The name of a thing can be exceptionally important in determining how it is perceived. A few notable examples are as follows:

  1. The Mensheviks & the Bolsheviks: Lenin was initially outnumbered by his opponents within the Russian Social Democratic Labour Party. However when he (through dubious procedural wrangling) obtained a temporary majority on the party’s central committee, he seized a branding opportunity – labelling his minority faction “the Majority” (Russian: “Bolsheviks”) and his opponents “the Minority” (Russian: “Mensheviks”). When the Mensheviks had the poor judgment to accept this framing, they laid themselves open to potent charges of factionalism; they were a “minority” undermining the unity and strength of the “majority”, after all.

  2. The USA PATRIOT Act and friends: the attention paid by legislators to giving their acts names with comically positive connotations, indicates their belief in the persuasive importance of those names. In the US alone, acts with names clearly selected for persuasive potency have included the “Dream Act”, the “Disclose Act”, the “HOPE Act”, the “LIFE Act, the “Affordable Care act” and the “America Competes (for America Creating Opportunities to Meaningfully Promote Excellence in Technology, Education and Science)”, amongst many others.

  3. Antifa & Black Lives Matter: in the aftermath of this year’s anti-police violence protests, there have been numerous arguments, often from prominent media figures, to the effect that opposition to Antifa entailed support for fascism, and opposition to BLM entailed a belief that black lives did not matter. Whatever one may think of Antifa or BLM, this is an obvious confusion. If the KKK renamed themselves the Anti-Racism League, they would not cease to be bigots; and just because you call yourself something, doesn’t mean you are that thing. Despite the transparency of the error, it was believed and amplified across social media, significantly influencing the public conversation surrounding these pressure groups.

Looking at some of the examples above, we can see that names are especially persuasively potent where the named entity is novel, or otherwise little known. Here the name constitutes a disproportionate amount of the information individuals possess about the name bearer. Legislators know that the public are unlikely to trawl through hundreds of pages of legalese when assessing the quality of their novel bills. Likewise, Antifa is a novel social movement, which the average individual did not know anything about, prior to its rise to prominence over the Summer of 2020.

The Tragedy

The power of a name is an incitement to use; not only in clear cut cases where a name obviously applies, but also in edge cases, where it probably ought not apply, but where its meaning can be stretched to rhetorical advantage. If this happens often enough, however, it can undermine the power of a name through two mechanisms:

The first and most pertinent is associational drift. A name gains potency from the associations attached to it, where such associations are determined by the set of instances in which an individual experiences the name being used. When a name is deployed in edge cases, those edge cases will come, over time, to comprise an ever-larger proportion of that set of instances. Edge cases, by definition, involve circumstances atypical to the initial set of instances determining a name’s associations. As the set of instances associated with a name change, so too will its associational character: its meaning. Real examples of words undergoing dramatic associational drift include “literally” (which now also means “metaphorically”) and “awesome” (which used to describe the terrible power of the Gods, but now can be applied to a fashionable pair of trousers).
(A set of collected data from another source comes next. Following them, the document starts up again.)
(* An instance of CB-CTT: courses, rooms, periods, events (= lectures). *)
Record instance (Course Room Period Event : finType) := Instance {
  course_of : Event -> Course;
  students  : Course -> nat;
  min_days  : Course -> nat;
  teacher   : Course -> nat;
  available : Course -> Period -> bool;
  capacity  : Room -> nat;
  day_of    : Period -> nat;
  slot_of   : Period -> nat;
  curricula : {set {set Course}};
  wRC : nat; wMWD : nat; wIL : nat; wRS : nat
}.

Section CBCTT.
Variables (Course Room Period Event : finType).
Variable I : instance Course Room Period Event.

Definition timetable := Event -> Period * Room.

Definition adjacent (q q' : Period) : bool :=
  (day_of I q == day_of I q') &&
  (((slot_of I q).+1 == slot_of I q') || ((slot_of I q').+1 == slot_of I q)).

Definition feasible (tau : timetable) : Prop :=
  (forall ev ev', ev != ev' -> course_of I ev = course_of I ev' -> (tau ev).1 != (tau ev').1) /\
  (forall ev ev', ev != ev' -> tau ev != tau ev') /\
  (forall ev ev', course_of I ev != course_of I ev' ->
     ((exists2 u, u \in curricula I & (course_of I ev \in u) && (course_of I ev' \in u))
      \/ teacher I (course_of I ev) = teacher I (course_of I ev')) ->
     (tau ev).1 != (tau ev').1) /\
  (forall ev, available I (course_of I ev) (tau ev).1).

Definition pen_RC (u : {set Course}) (tau : timetable) : nat :=
  \sum_(ev | course_of I ev \in u) (students I (course_of I ev) - capacity I (tau ev).2).

Definition pen_MWD (u : {set Course}) (tau : timetable) : nat :=
  \sum_(c in u) (min_days I c -
     size (undup [seq day_of I (tau ev).1 | ev <- enum Event & course_of I ev == c])).

Definition pen_IL (u : {set Course}) (tau : timetable) : nat :=
  \sum_(ev | course_of I ev \in u)
     ~~ [exists ev', (course_of I ev' \in u) && adjacent (tau ev).1 (tau ev').1].

Definition pen_RS (u : {set Course}) (tau : timetable) : nat :=
  \sum_(c in u) (#|[set (tau ev).2 | ev in [pred ev | course_of I ev == c]]| - 1).

Definition penalty (u : {set Course}) (tau : timetable) : nat :=
  wRC I * pen_RC u tau + wMWD I * pen_MWD u tau + wIL I * pen_IL u tau + wRS I * pen_RS u tau.

(* Allocation vector A(tau), as a multiset (a seq up to permutation). *)
Definition alloc (tau : timetable) : seq nat :=
  [seq penalty u tau | u <- enum (curricula I)].

End CBCTT.

Fixpoint lexle (s t : seq nat) : bool :=
  match s, t with
  | [::], _ => true
  | _ :: _, [::] => false
  | x :: s', y :: t' => (x < y) || ((x == y) && lexle s' t')
  end.

Definition msle (s t : seq nat) : bool := lexle (sort geq s) (sort geq t).

Section Subproblem.
Variables (Course Room Period Event : finType).
Variable I : instance Course Room Period Event.
Variables (tau0 : timetable Room Period Event) (p : Period).

Definition Cp : {set Course} :=
  [set course_of I ev | ev in [pred ev | (tau0 ev).1 == p]].

Definition room_reassignment (tau : timetable Room Period Event) : Prop :=
  feasible I tau /\
  (forall ev, (tau ev).1 = (tau0 ev).1) /\
  (forall ev, (tau0 ev).1 != p -> tau ev = tau0 ev).

Definition max_min_fair (tau : timetable Room Period Event) : Prop :=
  room_reassignment tau /\
  forall tau', room_reassignment tau' -> msle (alloc I tau) (alloc I tau').

Definition matching_of (tau : timetable Room Period Event) : {set Course * Room} :=
  [set (course_of I ev, (tau ev).2) | ev in [pred ev | (tau ev).1 == p]].

Definition perfect_matching (S : {set Course * Room}) : Prop :=
  (forall x, x \in S -> x.1 \in Cp) /\
  (forall e, e \in Cp -> #|[set x in S | x.1 == e]| = 1) /\
  (forall r : Room, #|[set x in S | x.2 == r]| = 1).

Definition assign (e : Course) (r : Room) : timetable Room Period Event :=
  fun ev => if ((tau0 ev).1 == p) && (course_of I ev == e) then (p, r) else tau0 ev.

Definition U_of (e : Course) : {set {set Course}} := [set u in curricula I | e \in u].

Definition weight (e : Course) (r : Room) : seq nat :=
  [seq penalty I u (assign e r) | u <- enum (U_of e)].

Definition total_weight (S : {set Course * Room}) : seq nat :=
  flatten [seq weight x.1 x.2 | x <- enum S].

Definition glbop_optimal (S : {set Course * Room}) : Prop :=
  perfect_matching S /\
  forall S', perfect_matching S' -> msle (total_weight S) (total_weight S').

End Subproblem.

From mathcomp Require Import all_boot.
Set Implicit Arguments. Unset Strict Implicit. Unset Printing Implicit Defensive.

(* Fix a feasible timetable tau0 and a period p, and consider the feasible
   timetables tau that only move events of period p to other rooms.
   1. The multiset order msle is invariant under permutation and cancels a
      common part: msle (K ++ A) (K ++ B) = msle A B when |A| = |B|.
   2. The penalty of a curriculum u only depends on the events of courses of u.
      Since two courses of a curriculum never share a period, each curriculum
      meets the set C_p in at most one course e; its penalty under tau is then
      the penalty under tau0 with e moved to its tau-room r, i.e. a member of
      the weight w(e, r). Hence alloc tau is a permutation of K ++ w(M tau),
      where K collects the (fixed) penalties of curricula avoiding C_p and
      M tau is the matching of courses of C_p to their rooms.
   3. Since |C_p| = |R|, tau |-> M tau maps reassignments onto perfect matchings.
   Comparing allocation vectors is thus comparing total weights of matchings,
   and max-min fairness becomes GLBOP optimality. *)

Lemma geq_total : total geq.
Proof. by move=> m n; apply: leq_total. Qed.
The second means by which usage undermines power is through familiarity. Whilst rare terms can shock, surprise and spur curiosity; familiar terms cannot. A notable difference between associational drift and familiarity is that, whilst the latter can operate whenever a word is overused, even if it is overused accurately; the former is limited to cases where a word (is perceived to be) misused.

Use of a name can sap its power, but society may have good reason to want its potency to be preserved. Where the loss of potency is due to associational drift, this consideration can be based on accuracy. The more quickly the meaning of a term shifts over time, the more likely different people are to associate different meanings with it, and be confused by one another’s usage. More pertinently, society may wish to preserve the persuasive force of a term for when it is better needed, and could be better used (as illustrated by the boy who cried wolf).
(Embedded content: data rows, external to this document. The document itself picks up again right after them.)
(* Rank-nullity for v |-> (B(h_i, v))_i, with (h_i) a basis of H. *)
Lemma perp_cap_neq0 n (U H : {vspace V n}) :
  (\dim H < \dim U)%N -> (U :&: perp H != 0)%VS.
Proof.
move=> ltHU; set f := linfun (Bf_row H).
have sub_perp : (U :&: lker f <= U :&: perp H)%VS.
  apply/subvP => v; rewrite !memv_cap memv_ker lfunE => /andP [-> /eqP fv0].
  apply/memv_perp => h /coord_vbasis ->; rewrite BfC linear_sum big1 // => i _.
  have := congr1 (fun r : 'rV_(\dim H) => r 0 i) fv0; rewrite !mxE => Bv0.
  by rewrite linearZ /= BfC Bv0 mulr0.
have dim_img : (\dim (f @: U) <= \dim H)%N.
  by rewrite (leq_trans (dimvS (subvf _))) // dimvf /dim /= mul1n.
rewrite -dimv_eq0 -lt0n (leq_trans _ (dimvS sub_perp)) // lt0n.
apply: contraTneq ltHU => ker0; rewrite -leqNgt.
by rewrite -(limg_ker_dim f U) ker0 add0n.
Qed.

Lemma Bf_totally_singular n (U : {vspace V n}) x y :
  totally_singular U -> x \in U -> y \in U -> Bf x y = 0.
Proof. by move=> tsU xU yU; rewrite /Bf !tsU ?memvD // !subr0. Qed.

Section TotallySingular.
Variables (n : nat) (U W : {vspace V n}).
Implicit Types x y : V n.

Lemma Qf_add_totally_singular x y :
  totally_singular U -> totally_singular W -> x \in U -> y \in W ->
  Qf (x + y) = Bf x y.
Proof. by move=> tsU tsW xU yW; rewrite QfD tsU // tsW // !add0r. Qed.

Lemma perp_line_addr_cap x y :
  totally_singular W -> y \in W ->
  (perp <[x + y]> :&: W = perp <[x]> :&: W)%VS.
Proof.
move=> tsW yW; apply/vspaceP => z; rewrite !memv_cap.
have [zW|] := boolP (z \in W); rewrite ?andbT ?andbF //.
have Bxy_z : Bf (x + y) z = Bf x z.
  by rewrite BfC linearD /= (Bf_totally_singular tsW zW yW) addr0 BfC.
by apply/idP/idP => /memv_perp_line Bz0; apply/memv_perp_line;
  [rewrite -Bxy_z | rewrite Bxy_z].
Qed.

Lemma Bf_eq0_complement y :
  totally_singular W -> (U + W = fullv)%VS -> y \in W ->
  (forall x, x \in U -> Bf y x = 0) -> y = 0.
Proof.
move=> tsW UW yW yU; apply: Bf_nondegenerate => z.
have /memv_addP [x xU [w wW ->]] : z \in (U + W)%VS by rewrite UW memvf.
by rewrite linearD /= yU // (Bf_totally_singular tsW) // addr0.
Qed.

End TotallySingular.

Section PolarHyperplane.
Variables (n : nat) (U : {vspace V n}) (x u : V n).
Hypotheses (uU : u \in U) (Bxu : Bf x u = 1).

Lemma notin_perp_line : u \notin (perp <[x]> :&: U)%VS.
Proof.
rewrite memv_cap negb_and; apply/orP; left; apply/negP => /memv_perp_line.
by rewrite Bxu => /eqP; rewrite oner_eq0.
Qed.

Lemma perp_line_cap_addv_line : (perp <[x]> :&: U + <[u]> = U)%VS.
Proof.
apply/vspaceP => v; apply/memv_addP/idP => [[w + [_ /vlineP [c ->] ->]]|vU].
  by rewrite memv_cap => /andP [_ wU]; rewrite memvD // memvZ.
exists (v - Bf x v *: u).
  rewrite memv_cap; apply/andP; split; last by rewrite memvB ?memvZ.
  by apply/memv_perp_line; rewrite linearB linearZ /= Bxu mulr1 subrr.
by exists (Bf x v *: u); rewrite ?memvZ ?memv_line ?subrK.
Qed.

Lemma dim_perp_line_cap : \dim (perp <[x]> :&: U) = (\dim U).-1.
Proof. by rewrite -{2}perp_line_cap_addv_line dim_addv_line // notin_perp_line. Qed.

End PolarHyperplane.

Section PolarityMap.
Variables (n : nat) (Pi Sigma : {vspace V n}).
Hypotheses (tsPi : totally_singular Pi) (tsSigma : totally_singular Sigma).
Hypotheses (dimPi : \dim Pi = n) (dimSigma : \dim Sigma = n).
Hypothesis Pi_cap_Sigma : (Pi :&: Sigma = 0)%VS.

Lemma addv_Pi_Sigma : (Pi + Sigma = fullv)%VS.
Proof.
apply/eqP; rewrite eqEdim subvf dimvf dimv_disjoint_sum // dimPi dimSigma.
by rewrite /dim /= mul1n addnn.
Qed.

Lemma Pi_Bf_eq0 p : p \in Pi -> (forall s, s \in Sigma -> Bf p s = 0) -> p = 0.
Proof. by apply: Bf_eq0_complement; rewrite // addvC addv_Pi_Sigma. Qed.

Lemma Sigma_Bf_eq0 s : s \in Sigma -> (forall p, p \in Pi -> Bf s p = 0) -> s = 0.
Proof. exact: Bf_eq0_complement addv_Pi_Sigma. Qed.

Lemma nonsingular_pointP X : nonsingular_point X ->
  exists p s, [/\ p \in Pi, s \in Sigma, Bf p s = 1 & X = <[p + s]>%VS].
Proof.
case=> dimX [x [xX Qx]].
have x0 : x != 0 by apply: contraNneq Qx => ->; rewrite Qf0.
have /memv_addP [p pPi [s sSigma xE]] : x \in (Pi + Sigma)%VS.
  by rewrite addv_Pi_Sigma memvf.
exists p, s; split => //.
  by apply: F2_eq1; rewrite -(Qf_add_totally_singular tsPi tsSigma) // -xE.
by apply/eqP; rewrite -xE eq_sym eqEdim -memvE xX dim_vline x0 dimX.
Qed.

Lemma nonsingular_point_line p s :
  p \in Pi -> s \in Sigma -> Bf p s = 1 -> nonsingular_point <[p + s]>%VS.
Proof.
move=> pPi sSigma Bps.
have Qps : Qf (p + s) = 1 by rewrite (Qf_add_totally_singular tsPi tsSigma).
have ps0 : p + s != 0.
  by apply: contraTneq (oner_neq0 'F_2) => ps0; rewrite -Qps ps0 Qf0 eqxx.
split; first by rewrite /is_point dim_vline ps0.
by exists (p + s); rewrite memv_line Qps oner_neq0.
Qed.

Lemma perp_perp_line_cap p s : p \in Pi -> s \in Sigma -> Bf p s = 1 ->
  (perp (perp <[s]> :&: Pi) :&: Sigma = <[s]>)%VS.
Proof.
move=> pPi sSigma Bps; apply/vspaceP => t; rewrite memv_cap.
apply/andP/idP => [[/memv_perp tG tSigma]|/vlineP [c ->]]; last first.
  split; last by rewrite memvZ.
  apply/memv_perp => q; rewrite memv_cap => /andP [/memv_perp_line Bsq _].
  by rewrite linearZ /= BfC Bsq mulr0.
suff -> : t = Bf p t *: s by rewrite memvZ ?memv_line.
apply/eqP; rewrite -subr_eq0; apply/eqP; apply: Sigma_Bf_eq0 => [|q qPi].
  by rewrite memvB ?memvZ.
have : q - Bf s q *: p \in (perp <[s]> :&: Pi)%VS.
  rewrite memv_cap; apply/andP; split; last by rewrite memvB ?memvZ.
  by apply/memv_perp_line; rewrite linearB linearZ /= (BfC s p) Bps mulr1 subrr.
move/tG/eqP; rewrite BfBl BfZl subr_eq0 => /eqP Bqt.
by rewrite BfBl BfZl BfC Bqt mulrC subrr.
Qed.

Lemma fmap_line p s : p \in Pi -> s \in Sigma -> Bf p s = 1 ->
  fmap Pi Sigma <[p + s]> = (<[s]>%VS, (perp <[p]> :&: Sigma)%VS).
Proof.
move=> pPi sSigma Bps; rewrite /fmap (perp_line_addr_cap _ tsSigma sSigma).
by rewrite addrC (perp_line_addr_cap _ tsPi pPi) (perp_perp_line_cap pPi).
Qed.

Lemma antiflag_line_polar p s : s \in Sigma -> Bf p s = 1 ->
  antiflag Sigma (<[s]>%VS, (perp <[p]> :&: Sigma)%VS).
Proof.
move=> sSigma Bps; split => /=; rewrite ?capvSr -?memvE //.
- by rewrite dim_vline (Bf_eq1_neq0 Bps).
- by rewrite (dim_perp_line_cap sSigma Bps) dimSigma subn1.
- exact: notin_perp_line.
Qed.

Lemma polar_line_cap_inj p p' s : p \in Pi -> p' \in Pi -> s \in Sigma ->
  Bf p s = 1 -> Bf p' s = 1 ->
  (perp <[p]> :&: Sigma = perp <[p']> :&: Sigma)%VS -> p = p'.
Proof.
move=> pPi p'Pi sSigma Bps Bp's Kpp'.
apply/eqP; rewrite -subr_eq0; apply/eqP.
apply: Pi_Bf_eq0 => [|t]; first by rewrite memvB.
rewrite -(perp_line_cap_addv_line sSigma Bps).
move=> /memv_addP [k kK [_ /vlineP [c ->] ->]].
have Bpk : Bf p k = 0 by move: kK; rewrite memv_cap => /andP [/memv_perp_line].
have Bp'k : Bf p' k = 0 by move: kK; rewrite Kpp' memv_cap => /andP [/memv_perp_line].
by rewrite BfBl !linearD !linearZ /= Bpk Bp'k Bps Bp's subrr.
Qed.

Lemma polar_line_cap_onto H s : (H <= Sigma)%VS -> \dim H = (n - 1)%N ->
  s \in Sigma -> s \notin H ->
  exists2 p, p \in Pi /\ Bf p s = 1 & (perp <[p]> :&: Sigma = H)%VS.
Proof.
move=> HSigma dimH sSigma sH.
have n_gt0 : (0 < n)%N.
  rewrite -dimSigma lt0n dimv_eq0; apply: contraNneq sH => Sigma0.
  by move: sSigma; rewrite Sigma0 memv0 => /eqP ->; apply: mem0v.
have HsSigma : (H + <[s]> = Sigma)%VS.
  apply/eqP; rewrite eqEdim subv_add HSigma -memvE sSigma /=.
  by rewrite dim_addv_line // dimH dimSigma subn1 prednK.
have : (Pi :&: perp H != 0)%VS.
  by apply: perp_cap_neq0; rewrite dimH dimPi subn1 ltn_predL.
rewrite -vpick0; set p := vpick _ => p0.
have /andP [pPi /memv_perp pH] : (p \in Pi) && (p \in perp H).
  by rewrite -memv_cap memv_pick.
have Bps : Bf p s = 1.
  apply: F2_eq1; apply: contraNneq p0 => Bps0; apply/eqP/Pi_Bf_eq0 => // t.
  rewrite -HsSigma => /memv_addP [h hH [_ /vlineP [c ->] ->]].
  by rewrite linearD linearZ /= BfC pH // Bps0 mulr0 addr0.
exists p => //; apply/esym/eqP.
rewrite eqEdim (dim_perp_line_cap sSigma Bps) dimSigma dimH subn1 leqnn andbT.
apply/subvP => h hH; rewrite memv_cap (subvP HSigma) // andbT.
by apply/memv_perp_line; rewrite BfC pH.
Qed.

Lemma fmap_antiflag X : nonsingular_point X -> antiflag Sigma (fmap Pi Sigma X).
Proof.
move=> /nonsingular_pointP [p [s [pPi sSigma Bps ->]]].
by rewrite fmap_line //; apply: antiflag_line_polar.
Qed.

Lemma fmap_inj X Y : nonsingular_point X -> nonsingular_point Y ->
  fmap Pi Sigma X = fmap Pi Sigma Y -> X = Y.
Proof.
move=> /nonsingular_pointP [p [s [pPi sSigma Bps ->]]].
move=> /nonsingular_pointP [p' [s' [p'Pi s'Sigma Bp's' ->]]].
rewrite !fmap_line // => /eqP; rewrite xpair_eqE => /andP [/eqP sE /eqP Kpp'].
have ss' := vline_inj_F2 (Bf_eq1_neq0 Bp's') sE.
by subst s'; rewrite (polar_line_cap_inj pPi p'Pi sSigma Bps Bp's' Kpp').
Qed.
With these pieces in place, the form of the tragedy becomes clear. Individuals’ receive sizeable benefits for misusing and overusing potent names. The community may receive sizeable costs from them doing so. But these costs are spread across the community at large, and the proportion of them accruing to any given individual is minute. The equilibrium position in society, therefore, is one where potent names are overused.

A pleasingly symmetrical example of the Tragedy can be seen in the following cases:

  • The use of “socialism” and “communism” by Republicans against moderate, socially democratic candidates such as Obama, Clinton and Biden, appears to have leeched much of the sting from this charge. Notably, since 2010 Democrats’ support for socialism has climbed 15 points, whilst Independents’ support for it has increased by 5 points over the same period [https://​​news.gallup.com/​​poll/​​268295/​​support-government-inches-not-socialism.aspx]. It of course should be noted that other factors may be at play here, including Democratic activists and leaders rising adoption of the term, and increasing American support for governmental programmes generally.

  • The use of “fascism” by Democrats to describe Donald Trump’s fairly mild social conservatism and populism (versus the murderous militarist totalitarianism of the early twentieth century), also seems to have reduced the impact of the term. Though only a lunatic fringe would identify themselves as fascists, Republicans in particular treat the accusations of fascism levelled against their party with a shrug, when they deign to notice them at all.

In both the above scenarios, society at large has arguably suffered from both losses in communicative accuracy and the depletion of a valuable rhetorical resource. It is now harder to know whether a “socialist” politician is a social democrat or a communist, and whether a “fascist” is a conservative, a white supremacist, or even a classical liberal. It is also harder to see how future politicians can sound the alarm if and when a genuinely fascistic threat to American democracy arises.

The Limits of Tragedy

How is it that the tragedy of names can be averted, if at all?

The answer may lie at both ends of the spectrum of individual information. Lower information or misinformed individuals, may be unaware that a name is being introduced into contexts which differ broadly from its original usage. In this case, they may not realise that a misused term is being applied to a situation whose associations differ from those they currently identify with that term. Those new associations will then fail to influence the meaning of the term misused. In this way a conspiracy theorist may become convinced all Democrats are communists, without changing the core associations he holds around “communism”.

Optimistically, higher information individuals may come to index the meaning of names by the identity of the person employing them; for instance, by recognising that Tucker Carlson is likely to use “communism” in a very different manner to Mitt Romney. Understanding the (mis)usage patterns of name-users, and the different associations those name-users attach to terms, cuts at the tragedy in two directions: it prevents limited overuse of a term from contaminating the observers’ broader understanding of it; and it more closely reflects the cost of misuse back to individual misusers (who will suffer a disproportionate loss to the potency of their rhetorical arsenals).

The Upshot

To understand the Power and Tragedy of Names is to know two things:

First, that if you are involved in any kind of movement or organisation aiming at public popularity, you must be extremely careful with the language you use to describe yourself, and especially extremely careful with your name.

Second, that if you are considering using a potent name in an edge category, you should think twice. Does society need that name more than you do?